И разве я мог совсем отстраниться от них, забыть их? Перестать размышлять о них?
До настоящей минуты я всё яснее ощущаю их присутствие во мне и рядом со мной, их непрерывность и недоконченность. Не потому это так, что дело всего лишь во мне самом. Ведь я такой же, как другие, кто любит и боготворит искусство. И я не могу не знать и не отдавать отчёта в том, насколько неостановим и губителен тот самый, параллельный, боковой процесс в нём – процесс деградации и упадка.
Многими средствами он теперь ещё и сильно расшевелен и подбодрён. Находятся тьмы людей, не только не желающих видеть в нём некую убивающую, утапливающую, утаптывающую крайность, но и встающих в защиту ему, дают ему приглаженные, убаюкивающие, а то и бесстыдные истолкования, и даже солидные учёные не брезгают участвовать в этой отупляющей сумрачной вакханалии.

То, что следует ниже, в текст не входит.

Lemma digit_part_ext g1 g2 : g1 =1 g2 -> digit_part g1 =1 digit_part g2.
Proof. by move=> e i; rewrite /digit_part e. Qed.

Lemma mdiv_part_ext g1 g2 : g1 =1 g2 -> mdiv_part g1 =1 mdiv_part g2.
Proof. by move=> e i; rewrite /mdiv_part (digit_part_ext e) e. Qed.

Lemma digit_part_add E D : mdiv_mults E -> digit_mults D ->
  digit_part (fun i => E i + D i) =1 D.
Proof.
move=> hE hD i; have [Dm Dx] := hD i; rewrite /digit_part; case: ifP => [/Dx //|/negbT nd].
by have [q ->] := dvdnP (hE _ nd); rewrite modnMDl modn_small.
Qed.

Lemma mdiv_part_add E D : mdiv_mults E -> digit_mults D ->
  mdiv_part (fun i => E i + D i) =1 E.
Proof. by move=> hE hD i; rewrite /mdiv_part digit_part_add // addnK. Qed.

Lemma digit_weight_le N g : multfun N g -> digit_weight N g <= N.
Proof.
case=> _ _ gs; rewrite -[X in _ <= X]gs; apply: leq_sum => i _.
by rewrite leq_mul2l digit_part_le orbT.
Qed.

Lemma multfun_digit_part N g : multfun N g -> multfun (digit_weight N g) (digit_part g).
Proof.
move=> [g0 gz _]; apply: (@multfun_of_sum N) => //.
  by move=> i iN; rewrite /digit_part (gz _ iN) mod0n; case: ifP.
by rewrite /digit_part dvdn0.
Qed.

Lemma multfun_mdiv_part N g : multfun N g -> multfun (N - digit_weight N g) (mdiv_part g).
Proof.
move=> [g0 gz gs]; apply: (@multfun_of_sum N).
- by move=> i iN; rewrite /mdiv_part gz.
- by rewrite /mdiv_part g0.
have : \sum_(i < N.+1) i * mdiv_part g i + digit_weight N g = N.
  by rewrite -big_split /= -[RHS]gs; apply: eq_bigr => i _; rewrite -mulnDr mdiv_digit_partK.
by rewrite /digit_weight; lia.
Qed.

Lemma dvdn_mdiv_weight N g : multfun N g -> m %| N - digit_weight N g.
Proof.
move=> v; case: (multfun_mdiv_part v) => _ _ <-; apply: dvdn_sum => i _.
by case: (boolP (m %| i)) => h; [apply: dvdn_mulr | apply/dvdn_mull/mdiv_mults_part].
Qed.

Definition mdiv_partn n (E : partn n) : bool :=
  [forall i : 'I_n.+1, (m %| i) || (m %| mult E i)].
Definition digit_partn n (D : partn n) : bool :=
  [forall i : 'I_n.+1, (mult D i < m) && ((m %| i) ==> (mult D i == 0))].
Definition digit_count r := #|[pred D : partn r | digit_partn D]|.

Lemma mdiv_partnP n (E : partn n) : reflect (mdiv_mults (mult E)) (mdiv_partn E).
Proof.
apply: (iffP forallP) => h; last by move=> i; case: (boolP (m %| i)) => //= nd; apply: h.
move=> i nd; case: (leqP i n) => iN; last by case: (multfun_mult E) => _ Ez _; rewrite Ez.
by have := h (Ordinal (iN : i < n.+1)); rewrite /= (negbTE nd).
Qed.

Lemma digit_partnP n (D : partn n) : reflect (digit_mults (mult D)) (digit_partn D).
Proof.
apply: (iffP forallP) => h; last first.
  by move=> i; case: (h i) => -> di; apply/implyP => /di ->.
move=> i; case: (leqP i n) => iN; last by case: (multfun_mult D) => _ Dz _; rewrite Dz // ltnW.
have /andP [-> /implyP di] := h (Ordinal (iN : i < n.+1)).
by split => // /di /eqP.
Qed.

Definition mdiv_size N (la : partn N) := (N - digit_weight N (mult la)) %/ m.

С сознанием делания полезной работы пишутся исследования и диссертации, и наоборотное, сомнительное проникает уже в сами образы искусства, в их плоть, в их жилы, портит их кровотоки.
Здравый ум, обычные представления оказываются порой полностью смяты и смешаны. Тёмная энергия перелома хребта всё нарастает. Слышится пугающий характерный хруст. И уже далеко не отдельные люди полагают за лучшее смириться перед перспективой слома также и самих себя. Воистину прав был прозаик Астафьев, говоривший, что сколько книг ни пиши, люди от этого лучше и радостнее не становятся. Это он о силе слова говорил, силе, уже давно ставшей сомнительной.
А разве не относимо это впрямую и к изобразительной ветви искусства и культуры, к другим ветвям?